▸ TASK BRIEF
Leave out all lines before the one containing "[lia | | exact HB | exact HB' | exact (IH", and copy that line and all the rest below it exactly.

▸ DATASET
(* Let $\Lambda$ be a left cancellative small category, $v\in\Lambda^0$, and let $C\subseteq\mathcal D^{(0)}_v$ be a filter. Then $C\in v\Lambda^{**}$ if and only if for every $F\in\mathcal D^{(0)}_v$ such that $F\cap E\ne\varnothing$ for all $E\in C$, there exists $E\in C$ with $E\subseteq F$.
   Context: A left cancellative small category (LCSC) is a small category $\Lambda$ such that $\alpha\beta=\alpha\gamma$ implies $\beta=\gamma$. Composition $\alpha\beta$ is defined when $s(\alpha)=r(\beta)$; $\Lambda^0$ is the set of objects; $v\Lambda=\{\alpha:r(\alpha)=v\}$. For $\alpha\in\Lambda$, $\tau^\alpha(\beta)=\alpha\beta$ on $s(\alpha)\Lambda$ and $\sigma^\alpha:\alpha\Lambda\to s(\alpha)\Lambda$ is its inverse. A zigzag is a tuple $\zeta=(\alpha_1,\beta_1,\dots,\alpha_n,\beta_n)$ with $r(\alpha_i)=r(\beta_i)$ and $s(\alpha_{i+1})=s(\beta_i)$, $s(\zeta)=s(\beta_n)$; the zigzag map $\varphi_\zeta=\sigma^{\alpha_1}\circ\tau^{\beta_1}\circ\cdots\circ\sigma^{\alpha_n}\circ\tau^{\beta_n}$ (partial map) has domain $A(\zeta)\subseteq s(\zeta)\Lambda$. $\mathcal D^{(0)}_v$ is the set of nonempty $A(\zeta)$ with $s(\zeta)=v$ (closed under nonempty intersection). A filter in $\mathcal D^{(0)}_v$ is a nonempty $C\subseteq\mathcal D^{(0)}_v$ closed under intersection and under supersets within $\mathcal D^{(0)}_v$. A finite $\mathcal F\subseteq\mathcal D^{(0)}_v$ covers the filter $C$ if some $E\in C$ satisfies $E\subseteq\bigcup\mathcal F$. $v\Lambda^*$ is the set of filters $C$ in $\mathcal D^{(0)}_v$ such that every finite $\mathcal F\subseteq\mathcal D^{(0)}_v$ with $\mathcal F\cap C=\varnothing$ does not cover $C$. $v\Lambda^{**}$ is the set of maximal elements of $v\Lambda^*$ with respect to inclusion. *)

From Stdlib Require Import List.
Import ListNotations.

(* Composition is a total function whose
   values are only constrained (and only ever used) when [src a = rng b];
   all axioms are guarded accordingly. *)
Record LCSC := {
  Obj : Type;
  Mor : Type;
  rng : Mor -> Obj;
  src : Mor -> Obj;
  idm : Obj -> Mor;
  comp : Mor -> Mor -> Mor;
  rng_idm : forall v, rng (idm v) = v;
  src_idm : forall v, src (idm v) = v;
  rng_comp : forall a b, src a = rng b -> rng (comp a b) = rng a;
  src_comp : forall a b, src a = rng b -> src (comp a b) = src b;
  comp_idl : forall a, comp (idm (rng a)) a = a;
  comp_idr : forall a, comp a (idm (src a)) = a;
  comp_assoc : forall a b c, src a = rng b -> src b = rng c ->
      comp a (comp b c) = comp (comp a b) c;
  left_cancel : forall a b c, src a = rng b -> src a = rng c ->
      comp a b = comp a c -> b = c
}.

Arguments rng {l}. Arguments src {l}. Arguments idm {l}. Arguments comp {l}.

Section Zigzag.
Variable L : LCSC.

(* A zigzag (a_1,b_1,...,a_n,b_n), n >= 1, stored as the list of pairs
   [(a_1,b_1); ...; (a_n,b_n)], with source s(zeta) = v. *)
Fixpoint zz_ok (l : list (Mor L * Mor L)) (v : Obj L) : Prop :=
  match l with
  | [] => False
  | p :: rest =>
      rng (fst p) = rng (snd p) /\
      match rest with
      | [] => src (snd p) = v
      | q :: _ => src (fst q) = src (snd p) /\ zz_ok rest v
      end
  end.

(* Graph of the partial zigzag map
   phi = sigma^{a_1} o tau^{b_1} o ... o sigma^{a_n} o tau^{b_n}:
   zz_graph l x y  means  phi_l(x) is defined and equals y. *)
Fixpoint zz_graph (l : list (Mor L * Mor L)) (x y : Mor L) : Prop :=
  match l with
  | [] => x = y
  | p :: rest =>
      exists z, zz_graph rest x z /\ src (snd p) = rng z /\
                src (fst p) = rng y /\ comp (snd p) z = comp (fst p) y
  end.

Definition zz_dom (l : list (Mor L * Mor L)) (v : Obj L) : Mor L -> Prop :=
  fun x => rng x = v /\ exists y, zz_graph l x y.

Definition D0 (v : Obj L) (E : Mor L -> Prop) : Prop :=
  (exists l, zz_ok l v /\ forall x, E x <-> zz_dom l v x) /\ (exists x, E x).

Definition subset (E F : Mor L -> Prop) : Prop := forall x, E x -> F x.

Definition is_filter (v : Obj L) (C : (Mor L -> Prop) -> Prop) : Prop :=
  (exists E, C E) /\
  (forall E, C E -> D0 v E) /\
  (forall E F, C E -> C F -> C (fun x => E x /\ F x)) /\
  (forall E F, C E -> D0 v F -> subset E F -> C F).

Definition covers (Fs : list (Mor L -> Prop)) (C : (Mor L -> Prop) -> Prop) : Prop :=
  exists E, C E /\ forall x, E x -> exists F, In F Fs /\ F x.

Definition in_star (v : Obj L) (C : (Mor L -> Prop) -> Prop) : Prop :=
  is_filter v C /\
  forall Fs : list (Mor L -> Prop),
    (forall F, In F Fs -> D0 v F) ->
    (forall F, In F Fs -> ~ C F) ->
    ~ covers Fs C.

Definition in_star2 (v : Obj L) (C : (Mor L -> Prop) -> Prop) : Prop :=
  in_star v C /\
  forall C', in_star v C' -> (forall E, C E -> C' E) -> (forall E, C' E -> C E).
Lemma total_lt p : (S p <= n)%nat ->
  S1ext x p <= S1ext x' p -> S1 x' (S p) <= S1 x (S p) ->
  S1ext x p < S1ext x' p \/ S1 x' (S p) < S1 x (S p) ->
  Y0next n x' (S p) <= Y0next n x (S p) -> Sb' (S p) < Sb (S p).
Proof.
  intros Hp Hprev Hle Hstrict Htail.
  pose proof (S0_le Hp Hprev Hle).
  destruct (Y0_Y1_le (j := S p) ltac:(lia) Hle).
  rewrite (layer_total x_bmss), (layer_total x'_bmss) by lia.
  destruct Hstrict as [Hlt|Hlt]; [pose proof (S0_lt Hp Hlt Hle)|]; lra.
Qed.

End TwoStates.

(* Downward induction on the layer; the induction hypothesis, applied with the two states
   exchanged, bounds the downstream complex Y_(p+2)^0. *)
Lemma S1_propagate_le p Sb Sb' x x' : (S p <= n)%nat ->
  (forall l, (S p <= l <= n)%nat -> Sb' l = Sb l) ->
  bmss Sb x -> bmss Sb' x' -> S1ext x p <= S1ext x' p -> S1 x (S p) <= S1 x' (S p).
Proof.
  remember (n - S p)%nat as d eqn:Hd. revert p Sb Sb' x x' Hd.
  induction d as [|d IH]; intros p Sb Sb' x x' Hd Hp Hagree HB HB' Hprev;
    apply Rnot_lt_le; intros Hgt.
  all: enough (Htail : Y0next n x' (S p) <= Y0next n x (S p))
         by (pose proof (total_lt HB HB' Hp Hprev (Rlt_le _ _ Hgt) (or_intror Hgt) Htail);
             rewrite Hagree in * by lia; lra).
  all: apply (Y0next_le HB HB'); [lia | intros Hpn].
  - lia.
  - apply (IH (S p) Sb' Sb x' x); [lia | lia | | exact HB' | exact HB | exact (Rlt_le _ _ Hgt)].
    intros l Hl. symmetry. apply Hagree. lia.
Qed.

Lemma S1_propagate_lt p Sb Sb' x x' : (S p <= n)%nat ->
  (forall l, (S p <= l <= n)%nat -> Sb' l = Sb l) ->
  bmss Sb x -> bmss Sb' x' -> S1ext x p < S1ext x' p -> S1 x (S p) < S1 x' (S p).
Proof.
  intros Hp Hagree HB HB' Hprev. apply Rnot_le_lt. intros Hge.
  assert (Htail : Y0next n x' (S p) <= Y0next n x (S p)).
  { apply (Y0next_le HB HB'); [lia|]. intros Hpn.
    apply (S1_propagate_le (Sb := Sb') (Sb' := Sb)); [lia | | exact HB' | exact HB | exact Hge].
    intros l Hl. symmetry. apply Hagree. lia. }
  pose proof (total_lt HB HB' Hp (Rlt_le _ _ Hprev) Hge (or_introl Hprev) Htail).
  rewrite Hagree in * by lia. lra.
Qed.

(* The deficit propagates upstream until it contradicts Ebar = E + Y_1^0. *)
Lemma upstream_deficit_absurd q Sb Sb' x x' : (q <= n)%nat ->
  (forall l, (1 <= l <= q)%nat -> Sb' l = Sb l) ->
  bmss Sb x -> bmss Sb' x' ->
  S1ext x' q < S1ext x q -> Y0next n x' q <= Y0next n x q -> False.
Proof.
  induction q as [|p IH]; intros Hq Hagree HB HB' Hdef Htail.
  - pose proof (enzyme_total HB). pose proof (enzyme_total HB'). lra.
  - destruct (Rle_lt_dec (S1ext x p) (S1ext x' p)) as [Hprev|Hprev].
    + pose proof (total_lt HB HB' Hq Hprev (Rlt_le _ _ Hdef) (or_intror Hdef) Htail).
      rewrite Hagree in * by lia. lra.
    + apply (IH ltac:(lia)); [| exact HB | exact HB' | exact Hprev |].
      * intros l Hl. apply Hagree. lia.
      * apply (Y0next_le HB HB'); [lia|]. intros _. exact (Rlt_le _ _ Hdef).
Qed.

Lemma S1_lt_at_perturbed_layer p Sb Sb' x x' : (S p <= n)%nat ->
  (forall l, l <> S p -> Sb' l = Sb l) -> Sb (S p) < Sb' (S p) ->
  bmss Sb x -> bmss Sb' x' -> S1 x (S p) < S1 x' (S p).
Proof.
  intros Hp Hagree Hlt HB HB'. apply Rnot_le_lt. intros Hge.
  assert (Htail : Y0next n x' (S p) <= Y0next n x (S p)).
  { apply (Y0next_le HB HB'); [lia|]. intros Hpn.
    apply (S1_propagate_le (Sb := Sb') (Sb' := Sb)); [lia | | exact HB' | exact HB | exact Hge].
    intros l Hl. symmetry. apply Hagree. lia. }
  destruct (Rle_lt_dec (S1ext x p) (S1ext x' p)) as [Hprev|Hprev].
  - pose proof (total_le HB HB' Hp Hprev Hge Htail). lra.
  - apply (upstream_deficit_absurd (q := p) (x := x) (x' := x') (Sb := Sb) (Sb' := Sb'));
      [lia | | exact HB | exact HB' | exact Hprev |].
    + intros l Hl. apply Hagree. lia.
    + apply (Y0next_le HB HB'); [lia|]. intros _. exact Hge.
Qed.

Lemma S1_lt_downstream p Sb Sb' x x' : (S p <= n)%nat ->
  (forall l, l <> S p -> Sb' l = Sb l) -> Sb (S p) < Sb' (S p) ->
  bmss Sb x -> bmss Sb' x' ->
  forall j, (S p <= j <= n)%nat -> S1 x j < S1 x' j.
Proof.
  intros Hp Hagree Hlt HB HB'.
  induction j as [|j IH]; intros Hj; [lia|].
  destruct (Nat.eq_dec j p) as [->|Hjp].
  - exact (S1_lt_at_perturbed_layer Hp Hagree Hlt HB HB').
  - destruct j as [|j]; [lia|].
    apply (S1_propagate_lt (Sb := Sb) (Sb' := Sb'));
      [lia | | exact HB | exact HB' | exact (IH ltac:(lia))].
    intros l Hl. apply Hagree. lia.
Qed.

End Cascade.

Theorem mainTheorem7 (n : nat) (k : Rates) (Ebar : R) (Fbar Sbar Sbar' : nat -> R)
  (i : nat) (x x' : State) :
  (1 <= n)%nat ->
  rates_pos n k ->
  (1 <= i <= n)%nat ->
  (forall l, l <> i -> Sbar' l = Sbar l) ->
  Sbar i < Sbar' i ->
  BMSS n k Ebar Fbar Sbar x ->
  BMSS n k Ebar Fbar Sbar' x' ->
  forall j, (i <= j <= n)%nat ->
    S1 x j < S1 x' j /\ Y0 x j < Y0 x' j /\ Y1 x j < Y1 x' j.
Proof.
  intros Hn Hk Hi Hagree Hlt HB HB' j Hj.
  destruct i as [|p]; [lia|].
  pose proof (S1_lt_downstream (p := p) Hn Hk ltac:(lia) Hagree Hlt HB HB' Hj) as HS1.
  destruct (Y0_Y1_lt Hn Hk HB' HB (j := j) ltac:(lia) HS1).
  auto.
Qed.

▸ RESPONSE TO THE EXERCISE
      [lia | | exact HB | exact HB' | exact (IH ltac:(lia))].
    intros l Hl. apply Hagree. lia.
Qed.

End Cascade.

Theorem mainTheorem7 (n : nat) (k : Rates) (Ebar : R) (Fbar Sbar Sbar' : nat -> R)
  (i : nat) (x x' : State) :
  (1 <= n)%nat ->
  rates_pos n k ->
  (1 <= i <= n)%nat ->
  (forall l, l <> i -> Sbar' l = Sbar l) ->
  Sbar i < Sbar' i ->
  BMSS n k Ebar Fbar Sbar x ->
  BMSS n k Ebar Fbar Sbar' x' ->
  forall j, (i <= j <= n)%nat ->
    S1 x j < S1 x' j /\ Y0 x j < Y0 x' j /\ Y1 x j < Y1 x' j.
Proof.
  intros Hn Hk Hi Hagree Hlt HB HB' j Hj.
  destruct i as [|p]; [lia|].
  pose proof (S1_lt_downstream (p := p) Hn Hk ltac:(lia) Hagree Hlt HB HB' Hj) as HS1.
  destruct (Y0_Y1_lt Hn Hk HB' HB (j := j) ltac:(lia) HS1).
  auto.
Qed.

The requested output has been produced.